Fast and Furious Scene Analysis

[silento]

Homework Statement

In fast 5, there is a vault drag scene. A big rectanglar prisim vault is being dragged by a dodge charger. On the bridge, the vault was used as a ram against a police vehicle traveling in the opposite direction. When the vault made contact with the vehicle, the vehicle was launched into the air. The vault continues to the right.
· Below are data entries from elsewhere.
(* the newcomer's first link goes to an existing, hence different, node *)
Lemma simple_entered n (g : rel 'I_n) T : simple_graph g -> simple_graph (entered g T).
Proof.
move=> [irr sym]; apply: simple_add.
  by rewrite eq_sym -val_eqE /= neq_ltn ltn_ord.
split=> [x|x y]; rewrite /ext.
  by case: (unlift _ x) => // x'; apply: irr.
by case: (unlift _ x) => [x'|]; case: (unlift _ y) => [y'|] //; apply: sym.
Qed.

Section Dynamics.
Variables (R : realFieldType) (b : nat -> R) (c gamma c0 : R).
Hypothesis hb_pos : forall i : nat, (0 < i)%N -> 0 < b i.
Hypothesis hb_dec : forall i : nat, (0 < i)%N -> b i.+1 < b i.
Hypothesis hg0 : 0 <= gamma.
Hypothesis hg1 : gamma < 1.
Hypothesis hc : c < b 1%N - b 2%N.

(* a missing link in a simple graph is strictly profitable for both of its
   endpoints, so a pairwise stable simple graph is complete *)
Lemma complete_of_stable n (g : rel 'I_n) :
  simple_graph g -> pairwise_stable b c gamma g -> forall x y, g x y = (x != y).
Proof.
move=> [irr sym] [_ st] x y; case: (eqVneq x y) => [->|xy]; first exact: irr.
case: (boolP (g x y)) => // ngxy; have ngyx : ~~ g y x by rewrite sym.
have [dxy dyx] := del_add ngxy ngyx.
have hxy : addE g x y x y by rewrite /addE /= !eqxx orbT.
have hyx : addE g x y y x by rewrite /addE /= !eqxx orbT.
have ux := util_del hb_pos hb_dec hg0 hg1 hc hxy; rewrite dxy in ux.
have uy := util_del hb_pos hb_dec hg0 hg1 hc hyx; rewrite dyx in uy.
by have := lt_trans uy (st x y xy ngxy ux); rewrite ltxx.
Qed.

Lemma run_simple_stable n (g h : rel 'I_n) : run b c gamma g h ->
  simple_graph g -> simple_graph h /\ pairwise_stable b c gamma h.
Proof.
elim=> {g h} [g st sg|g h g' _ [i [opt _ _]] _ IH sg]; first by [].
apply: IH; case: opt => [[k [ki _ _ ->]]|[k [_ ->]]].
  by apply: simple_add; rewrite // eq_sym.
exact: simple_del.
Qed.

Lemma reached_simple_stable n (g : rel 'I_n) : reached b c gamma c0 g ->
  simple_graph g /\ pairwise_stable b c gamma g.
Proof.
elim=> {n g} [|n g T h _ [sg _] _ hrun].
  split; first by split.
  by split=> [//|i k]; rewrite (@ord_small 1 i k) ?eqxx.
exact: run_simple_stable hrun (simple_entered T sg).
Qed.

End Dynamics.

Theorem theorem2 (R : realFieldType) (b : nat -> R) (c gamma c0 : R)
  (hb_pos : forall i : nat, (0 < i)%N -> 0 < b i)
  (hb_dec : forall i : nat, (0 < i)%N -> b i.+1 < b i)
  (hg0 : 0 <= gamma) (hg1 : gamma < 1)
  (hc : c < b 1%N - b 2%N) (hc0 : c0 <= (1 - gamma) * b 2%N) :
  forall (n : nat) (g : rel 'I_n), reached b c gamma c0 g ->
    forall x y : 'I_n, g x y = (x != y).
Proof.
move=> n g /reached_simple_stable [sg st].
exact: (complete_of_stable hb_pos hb_dec hg0 hg1 hc sg st).
Qed.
How do I find how high the vault was launched and by how much was the vault slowed by?
Here's some data:
Vault's weight= 14000 kg
charger's weight (the car dragging the vault)= 1900kg
police car's weight= 1900 kg
Vault's and chargers velocity= +80mph
police car's velocity= -60 mph

Relevant Equations

p=mv, m
car⋅v car_initial +m vault ⋅v vault_initial=m car ⋅v car_final+m vault ⋅v vault_final

The collision seems to be an inelastic collision meaning momentum is conserved however, energy is not due to likely thermal energy from the collision. Using conservation of momentum, we can maybe somehow find the initial momentum of each vehicle and set it equal to the final momentums? However, would the charger and the vault be treated as one body? Thank you!

 

[jbriggs444]

When the vault made contact with the vehicle, the vehicle was launched into the air. The vault continues to the right.

The collision seems to be an inelastic collision meaning momentum is conserved

That is not what inelastic means. In a closed system, momentum is always conserved. "Inelastic" means that kinetic energy is not conserved. It is entirely expected that in a car crash, some kinetic energy will be dissipated into heat, mechanical deformation, vibration and noise.

In a "perfectly inelastic" collision, vehicle and vault would end up moving together as a combined twisted mass.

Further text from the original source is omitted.